▶ **Exercise details**: Copy out the lines of the records below, and only those lines, from the one with "rewrite -[l x setT]mul1e -integral_cst //." through the one with "pose removed phi := M_phi A M phi D x T.", exactly as they appear.

▶ **Records from a data source**:
<<<<

(* Let $\Phi$ be a randomized learning algorithm that maps a dataset to a feature extractor and is $(\epsilon_{\mathrm{DP}},\delta_{\mathrm{DP}})$-differentially private. For each feature extractor $\phi$, let $A(\cdot,\phi)$ be the algorithm that trains a linear model on the features produced by $\phi$ by minimizing the perturbed loss $L_{\mathbf{b}}$, and let $M$ be a removal mechanism that guarantees $(\epsilon_{\mathrm{CR}},\delta_{\mathrm{CR}})$-certified removal for $A(\cdot,\phi)$. Then the entire procedure (training $\phi=\Phi(\mathcal{D})$, training $A(\mathcal{D},\phi)$, and removing $\mathbf{x}\in\mathcal{D}$ via $M$, compared against $A(\mathcal{D}\setminus\mathbf{x},\Phi(\mathcal{D}\setminus\mathbf{x}))$) guarantees $(\epsilon_{\mathrm{DP}}+\epsilon_{\mathrm{CR}},\delta_{\mathrm{DP}}+\delta_{\mathrm{CR}})$-certified removal.
   Context: $L_{\mathbf{b}}(\mathbf{w};\mathcal{D})=\sum_{i}\ell(\mathbf{w}^\top\phi(\mathbf{x}_i),y_i)+\frac{\lambda n}{2}\|\mathbf{w}\|_2^2+\mathbf{b}^\top\mathbf{w}$ with random $\mathbf{b}$. A randomized algorithm $\Phi$ is $(\epsilon,\delta)$-differentially private if for all datasets $\mathcal{D},\mathcal{D}''$ differing in one sample and all measurable sets $S$, $P(\Phi(\mathcal{D})\in S)\le e^{\epsilon}P(\Phi(\mathcal{D}'')\in S)+\delta$. For a randomized learning algorithm $A$ with model space $\mathcal{H}$ and a removal mechanism $M(A(\mathcal{D}),\mathcal{D},\mathbf{x})$, $M$ is $(\epsilon,\delta)$-certified removal for $A$ if for all measurable $\mathcal{T}\subseteq\mathcal{H}$, all datasets $\mathcal{D}$ and all $\mathbf{x}\in\mathcal{D}$: $P(M(A(\mathcal{D}),\mathcal{D},\mathbf{x})\in\mathcal{T})\le e^{\epsilon}P(A(\mathcal{D}\setminus\mathbf{x})\in\mathcal{T})+\delta$ and $P(A(\mathcal{D}\setminus\mathbf{x})\in\mathcal{T})\le e^{\epsilon}P(M(A(\mathcal{D}),\mathcal{D},\mathbf{x})\in\mathcal{T})+\delta$. *)

From HB Require Import structures.
From mathcomp Require Import all_boot all_order all_algebra.
From mathcomp Require Import all_classical all_reals all_analysis.
Set Implicit Arguments. Unset Strict Implicit. Unset Printing Implicit Defensive.
Import Order.TTheory GRing.Theory Num.Theory.
Local Open Scope ring_scope.
Local Open Scope ereal_scope.

(* Datasets are finite sequences of samples of type X.
   D \ x  is  rem x D  (remove one occurrence of x). *)
Definition dremove (X : eqType) (D : seq X) (x : X) : seq X := rem x D.

Definition differ_in_one (X : eqType) (D D'' : seq X) : Prop :=
  exists x, (x \in D /\ perm_eq D'' (rem x D)) \/ (x \in D'' /\ perm_eq D (rem x D'')).

Definition differentially_private (X : eqType) d (F : measurableType d)
    (R : realType) (Phi : seq X -> probability F R) (eps delta : R) : Prop :=
  forall D D'' : seq X, differ_in_one D D'' ->
  forall S : set F, measurable S ->
    Phi D S <= (expR eps)%:E * Phi D'' S + delta%:E.

(* (eps, delta)-certified removal, stated on output distributions:
   PM D x = distribution of M(A(D), D, x), PA D = distribution of A(D). *)
Definition certified_removal (X : eqType) d (H : measurableType d) (R : realType)
    (PM : seq X -> X -> set H -> \bar R) (PA : seq X -> set H -> \bar R)
    (eps delta : R) : Prop :=
  forall (T : set H), measurable T ->
  forall (D : seq X) (x : X), x \in D ->
    PM D x T <= (expR eps)%:E * PA (dremove D x) T + delta%:E /\
    PA (dremove D x) T <= (expR eps)%:E * PM D x T + delta%:E.

(* For a fixed feature extractor phi:
   A D : R.-pker F ~> H, (A D) phi = distribution of A(D, phi);
   M D x : R.-pker (F * H) ~> H, (M D x) (phi, h) = distribution of the
   removal mechanism applied to model h (trained on features phi), D and x. *)
Definition A_phi (X : eqType) d d' (F : measurableType d) (H : measurableType d')
    (R : realType) (A : seq X -> R.-pker F ~> H) (phi : F) :
    seq X -> set H -> \bar R := fun D T => A D phi T.

Definition M_phi (X : eqType) d d' (F : measurableType d) (H : measurableType d')
    (R : realType) (A : seq X -> R.-pker F ~> H)
    (M : seq X -> X -> R.-pker (F * H) ~> H) (phi : F) :
    seq X -> X -> set H -> \bar R :=
  fun D x T => \int[A D phi]_h M D x (phi, h) T.

Definition full_removal (X : eqType) d d' (F : measurableType d)
    (H : measurableType d') (R : realType) (Phi : seq X -> probability F R)
    (A : seq X -> R.-pker F ~> H) (M : seq X -> X -> R.-pker (F * H) ~> H) :
    seq X -> X -> set H -> \bar R :=
  fun D x T => \int[Phi D]_phi M_phi A M phi D x T.

Definition full_train (X : eqType) d d' (F : measurableType d)
    (H : measurableType d') (R : realType) (Phi : seq X -> probability F R)
    (A : seq X -> R.-pker F ~> H) : seq X -> set H -> \bar R :=
  fun D T => \int[Phi D]_phi A D phi T.

From HB Require Import structures.
From mathcomp Require Import all_boot all_order all_algebra.
From mathcomp Require Import all_classical all_reals all_analysis.
From mathcomp Require Import measurable_realfun zify.
Import Order.TTheory GRing.Theory Num.Theory.

(* Write P = Phi(D) and Q = Phi(D \ x). The bound P S <= e^eps_DP Q S + delta_DP
   on measurable sets extends to integrals of measurable [0, 1]-valued
   functions u: the staircase function with N levels, lying between u - 1/N and
   u, integrates to a convex combination of measures of level sets of u.
   Conditionally on the feature extractor phi, certified removal bounds the
   probability g(phi) of an event under removal by e^eps_CR f(phi) + delta_CR,
   f(phi) being its probability under retraining. As g <= 1, also
   g <= min(1, e^eps_CR f) + delta_CR, and integrating this [0, 1]-valued bound
   against P and Q composes the two guarantees; the converse inequality is
   symmetric. *)

Set Implicit Arguments. Unset Strict Implicit.
Local Open Scope ring_scope.

Lemma sum_ltn_ord (n m : nat) : (\sum_(k < n) (k < m) = minn n m)%N.
Proof. by elim: n => [|n IH]; rewrite ?big_ord0 ?big_ord_recr /= ?IH; lia. Qed.

Local Open Scope classical_set_scope.
Local Open Scope ereal_scope.

Section staircase.
Context d (T : measurableType d) (R : realType).
Variables (u : T -> \bar R) (N : nat).

Definition level_set (k : nat) : set T :=
  [set x | ((k.+1)%:R / N%:R)%:E <= u x].

Definition staircase (x : T) : \bar R :=
  \sum_(k < N) (N%:R^-1)%:E * (\1_(level_set k) x)%:E.

Lemma measurable_level_set k :
  measurable_fun setT u -> measurable (level_set k).
Proof.
by move=> mu; have := emeasurable_fun_c_infty measurableT mu
  ((k.+1)%:R / N%:R)%:E; rewrite setTI.
Qed.

Lemma staircase_ge0 x : 0 <= staircase x.
Proof. by apply: sume_ge0 => k _; apply: mule_ge0; rewrite lee_fin ?invr_ge0. Qed.

Lemma measurable_staircase : measurable_fun setT u -> measurable_fun setT staircase.
Proof.
move=> mu; apply: emeasurable_sum => k; apply: measurable_funeM.
exact/measurable_EFinP/measurable_indic/measurable_level_set.
Qed.

Hypothesis N_gt0 : (0 < N)%N.

Lemma staircaseE x : 0 <= u x <= 1 ->
  staircase x = (N%:R^-1 * (Num.truncn (N%:R * fine (u x)))%:R)%:E.
Proof.
case/andP => u0 u1.
have ufin : u x \is a fin_num by rewrite ge0_fin_numE // (le_lt_trans u1) ?ltey.
have N0 : (0 < N%:R :> R)%R by rewrite ltr0n.
set t := (N%:R * fine (u x))%R.
have t_leN : (Num.truncn t <= N)%N.
  rewrite -[N in (_ <= N)%N](@natrK R) le_truncn // /t.
  by rewrite ler_piMr ?ler0n // -lee_fin fineK.
have levelE k : (x \in level_set k) = ((k.+1)%:R <= t)%R.
  have lvl : level_set k x = ((k.+1)%:R <= t)%R :> Prop.
    by rewrite /level_set /= -[u x]fineK // lee_fin ler_pdivrMr // mulrC.
  by apply/idP/idP => [/set_mem|?]; [rewrite -lvl | apply/mem_set; rewrite lvl].
rewrite /staircase; under eq_bigr => k _ do rewrite indicE levelE -truncn_gt_nat -EFinM.
by rewrite sumEFin -mulr_sumr -natr_sum sum_ltn_ord (minn_idPr t_leN).
Qed.

Lemma staircase_le x : 0 <= u x <= 1 ->
  staircase x <= u x <= staircase x + (N%:R^-1)%:E.
Proof.
move=> u01; rewrite (staircaseE u01); move: u01.
case: (u x) => [r| |] //=; last by case/andP => _; rewrite leNgt ltey.
move=> /andP[r0 _]; rewrite lee_fin in r0.
rewrite -EFinD !lee_fin.
have N0 : (0 < N%:R :> R)%R by rewrite ltr0n.
have /andP[lo hi] := truncn_itv (mulr_ge0 (ler0n R N) r0).
set m := Num.truncn _ in lo hi *.
rewrite -[r](mulKf (lt0r_neq0 N0)) !ler_pM2l ?invr_gt0 // lo /=.
by rewrite -[X in (_ + X)%R]mulr1 -mulrDr ler_pM2l ?invr_gt0 // natr1 ltW.
Qed.
End staircase.

Lemma integral_cst_probability d (T : measurableType d) (R : realType)
  (m : probability T R) (r : R) : \int[m]_x r%:E = r%:E.
Proof.
by rewrite integral_cst // -[RHS]mule1; congr (_ * _); exact: probability_setT.
Qed.

Section integral_domination.
Context d (T : measurableType d) (R : realType).
Variables (P Q : probability T R) (a del : R).
Hypothesis PQ : forall S, measurable S -> P S <= (expR a)%:E * Q S + del%:E.

Lemma integral_indic_sum_le n (c : 'I_n -> R) (E : 'I_n -> set T) :
  (forall k, 0 <= c k)%R -> (forall k, measurable (E k)) ->
  \int[P]_x (\sum_(k < n) (c k)%:E * (\1_(E k) x)%:E) <=
  (expR a)%:E * \int[Q]_x (\sum_(k < n) (c k)%:E * (\1_(E k) x)%:E) +
  ((\sum_(k < n) c k) * del)%:E.
Proof.
move=> c0 mE.
have intE (m : probability T R) :
    \int[m]_x (\sum_(k < n) (c k)%:E * (\1_(E k) x)%:E) =
    \sum_(k < n) (c k)%:E * m (E k).
  rewrite ge0_integral_sum //; last 2 first.
  - by move=> k; apply/measurable_funeM/measurable_EFinP/measurable_indic.
  - by move=> k x _; rewrite -EFinM lee_fin mulr_ge0.
  apply: eq_bigr => k _.
  rewrite ge0_integralZl ?lee_fin ?integral_indic ?setIT //.
  exact/measurable_EFinP/measurable_indic.
rewrite !intE ge0_sume_distrr; last by move=> k _; apply: mule_ge0; rewrite ?lee_fin.
rewrite mulr_suml -sumEFin -big_split /=; apply: lee_sum => k _.
rewrite muleCA EFinM -muleDr ?fin_num_adde_defl //.
by rewrite lee_wpmul2l ?lee_fin // PQ.
Qed.

Lemma integral_le_of_unit_valued_approx (u : T -> \bar R) N :
  measurable_fun setT u -> (forall x, 0 <= u x <= 1) -> (0 < N)%N ->
  \int[P]_x u x <= (expR a)%:E * \int[Q]_x u x + del%:E + (N%:R^-1)%:E.
Proof.
move=> mu u01 N_gt0.
have u0 x : 0 <= u x by have /andP[] := u01 x.
have ms := measurable_staircase N mu.
apply: (@le_trans _ _ (\int[P]_x (staircase u N x + (N%:R^-1)%:E))).
  apply: ge0_le_integral => //; first exact: emeasurable_funD.
  by move=> x _; have /andP[] := staircase_le N_gt0 (u01 x).
rewrite ge0_integralD //; last by move=> x _; exact: staircase_ge0.
rewrite integral_cst_probability leeD2r //.
have sum_weights : (\sum_(k < N) N%:R^-1 = 1 :> R)%R.
  by rewrite sumr_const card_ord -[(N%:R^-1)%R]mulr1 -mulrnAr mulVf // pnatr_eq0 -lt0n.
have w0 : (0 <= N%:R^-1 :> R)%R by rewrite invr_ge0.
have := @integral_indic_sum_le N (fun=> N%:R^-1)%R (level_set u N) (fun=> w0)
  (fun k => measurable_level_set N k mu).
rewrite sum_weights mul1r => /le_trans; apply.
rewrite leeD2r // lee_wpmul2l ?lee_fin ?expR_ge0 //.
apply: ge0_le_integral => //; first by move=> x _; exact: staircase_ge0.
by move=> x _; have /andP[] := staircase_le N_gt0 (u01 x).
Qed.

Lemma integral_le_of_unit_valued (u : T -> \bar R) :
  measurable_fun setT u -> (forall x, 0 <= u x <= 1) ->
  \int[P]_x u x <= (expR a)%:E * \int[Q]_x u x + del%:E.
Proof.
move=> mu u01; apply/lee_addgt0Pr => e e0.
apply: le_trans (integral_le_of_unit_valued_approx mu u01 (ltn0Sn (Num.truncn e^-1))) _.
by rewrite leeD2l // lee_fin invf_ple ?posrE ?ltr0n // ltW // truncnS_gt.
Qed.

Lemma integral_le_of_pointwise_bound (g f : T -> \bar R) (b del' : R) :
  measurable_fun setT g -> measurable_fun setT f ->
  (forall x, 0 <= g x <= 1) -> (forall x, 0 <= f x) -> (0 <= del')%R ->
  (forall x, g x <= (expR b)%:E * f x + del'%:E) ->
  \int[P]_x g x <= (expR (a + b))%:E * \int[Q]_x f x + (del + del')%:E.
Proof.
move=> mg mf g01 f0 del'0 gf.
pose v x := mine 1 ((expR b)%:E * f x).
have mv : measurable_fun setT v by apply: measurable_mine => //; exact: measurable_funeM.
have v01 x : 0 <= v x <= 1.
  by rewrite /v le_min lee01 ge_min lexx /= mule_ge0 // lee_fin expR_ge0.
have gv x : g x <= v x + del'%:E.
  rewrite /v /mine; case: ifP => _; last exact: gf.
  by have /andP[_ g1] := g01 x; apply: le_trans g1 _; rewrite leeDl // lee_fin.
apply: (@le_trans _ _ (\int[P]_x (v x + del'%:E))).
  apply: ge0_le_integral => //; last exact: emeasurable_funD.
  by move=> x _; have /andP[] := g01 x.
rewrite ge0_integralD //; last by move=> x _; have /andP[] := v01 x.
rewrite integral_cst_probability EFinD addeA leeD2r //.
apply: le_trans (integral_le_of_unit_valued mv v01) _; rewrite leeD2r //.
rewrite expRD EFinM -muleA lee_wpmul2l ?lee_fin ?expR_ge0 //.
rewrite -ge0_integralZl ?lee_fin ?expR_ge0 //.
apply: ge0_le_integral => //.
- by move=> x _; have /andP[] := v01 x.
- exact: measurable_funeM.
- by move=> x _; rewrite /v ge_min lexx orbT.
Qed.

End integral_domination.

Lemma sprob_kernel_set_le1 d d' (X : measurableType d) (Y : measurableType d')
  (R : realType) (k : R.-spker X ~> Y) x U : measurable U -> k x U <= 1.
Proof.
by move=> mU; apply: le_trans (sprob_kernel_le1 k x); apply: le_measure; rewrite ?inE.
Qed.

Lemma kcomp_sprob_le1 d d' d3 (X : measurableType d) (Y : measurableType d')
  (Z : measurableType d3) (R : realType)
  (l : R.-spker X ~> Y) (k : R.-spker (X * Y) ~> Z) x U :
  measurable U -> kcomp l k x U <= 1.
Proof.
move=> mU; apply: le_trans (sprob_kernel_le1 l x).
rewrite -[l x setT]mul1e -integral_cst //.
apply: ge0_le_integral => //.
- exact: measurableT_comp (measurable_kernel k U mU) _.
- by move=> y _; exact: sprob_kernel_set_le1.
Qed.

Local Close Scope ereal_scope.

Theorem theorem5 (R : realType) (X : choiceType)
    (dF dH : measure_display) (F : measurableType dF) (H : measurableType dH)
    (Phi : seq X -> probability F R)
    (A : seq X -> R.-pker F ~> H)
    (M : seq X -> X -> R.-pker (F * H) ~> H)
    (eps_DP delta_DP eps_CR delta_CR : R) :
  0 <= eps_DP -> 0 <= delta_DP -> 0 <= eps_CR -> 0 <= delta_CR ->
  differentially_private Phi eps_DP delta_DP ->
  (forall phi : F, certified_removal (M_phi A M phi) (A_phi A phi) eps_CR delta_CR) ->
  certified_removal (full_removal Phi A M) (full_train Phi A)
    (eps_DP + eps_CR) (delta_DP + delta_CR).
Proof.
move=> _ _ _ delta_CR0 DP CR T mT D x xD.
have DD' : differ_in_one D (dremove D x) by exists x; left; split => //; exact: perm_refl.
have D'D : differ_in_one (dremove D x) D by exists x; right; split => //; exact: perm_refl.
pose removed phi := M_phi A M phi D x T.
pose retrained phi := A (dremove D x) phi T.
have m_removed : measurable_fun setT removed := measurable_fun_mkcomp_sfinite _ _ mT.
have m_retrained : measurable_fun setT retrained := measurable_kernel _ T mT.
have removed01 phi : (0 <= removed phi <= 1)%E.
  by rewrite integral_ge0 //= kcomp_sprob_le1.
have retrained01 phi : (0 <= retrained phi <= 1)%E.
  by rewrite measure_ge0 sprob_kernel_set_le1.
have [removed_le retrained_le] : (forall phi,
    removed phi <= (expR eps_CR)%:E * retrained phi + delta_CR%:E)%E /\ (forall phi,
    retrained phi <= (expR eps_CR)%:E * removed phi + delta_CR%:E)%E.
  by split=> phi; have [] := CR phi T mT D x xD.
have removed0 phi : (0 <= removed phi)%E by have /andP[] := removed01 phi.
have retrained0 phi : (0 <= retrained phi)%E by have /andP[] := retrained01 phi.
rewrite /full_removal /full_train; split.
- exact (integral_le_of_pointwise_bound (DP _ _ DD') m_removed m_retrained removed01
    retrained0 delta_CR0 removed_le).
- exact (integral_le_of_pointwise_bound (DP _ _ D'D) m_retrained m_removed retrained01
    removed0 delta_CR0 retrained_le).
Qed.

>>>>

▶ **Exercise result**:
rewrite -[l x setT]mul1e -integral_cst //.
apply: ge0_le_integral => //.
- exact: measurableT_comp (measurable_kernel k U mU) _.
- by move=> y _; exact: sprob_kernel_set_le1.
Qed.

Local Close Scope ereal_scope.

Theorem theorem5 (R : realType) (X : choiceType)
    (dF dH : measure_display) (F : measurableType dF) (H : measurableType dH)
    (Phi : seq X -> probability F R)
    (A : seq X -> R.-pker F ~> H)
    (M : seq X -> X -> R.-pker (F * H) ~> H)
    (eps_DP delta_DP eps_CR delta_CR : R) :
  0 <= eps_DP -> 0 <= delta_DP -> 0 <= eps_CR -> 0 <= delta_CR ->
  differentially_private Phi eps_DP delta_DP ->
  (forall phi : F, certified_removal (M_phi A M phi) (A_phi A phi) eps_CR delta_CR) ->
  certified_removal (full_removal Phi A M) (full_train Phi A)
    (eps_DP + eps_CR) (delta_DP + delta_CR).
Proof.
move=> _ _ _ delta_CR0 DP CR T mT D x xD.
have DD' : differ_in_one D (dremove D x) by exists x; left; split => //; exact: perm_refl.
have D'D : differ_in_one (dremove D x) D by exists x; right; split => //; exact: perm_refl.
pose removed phi := M_phi A M phi D x T.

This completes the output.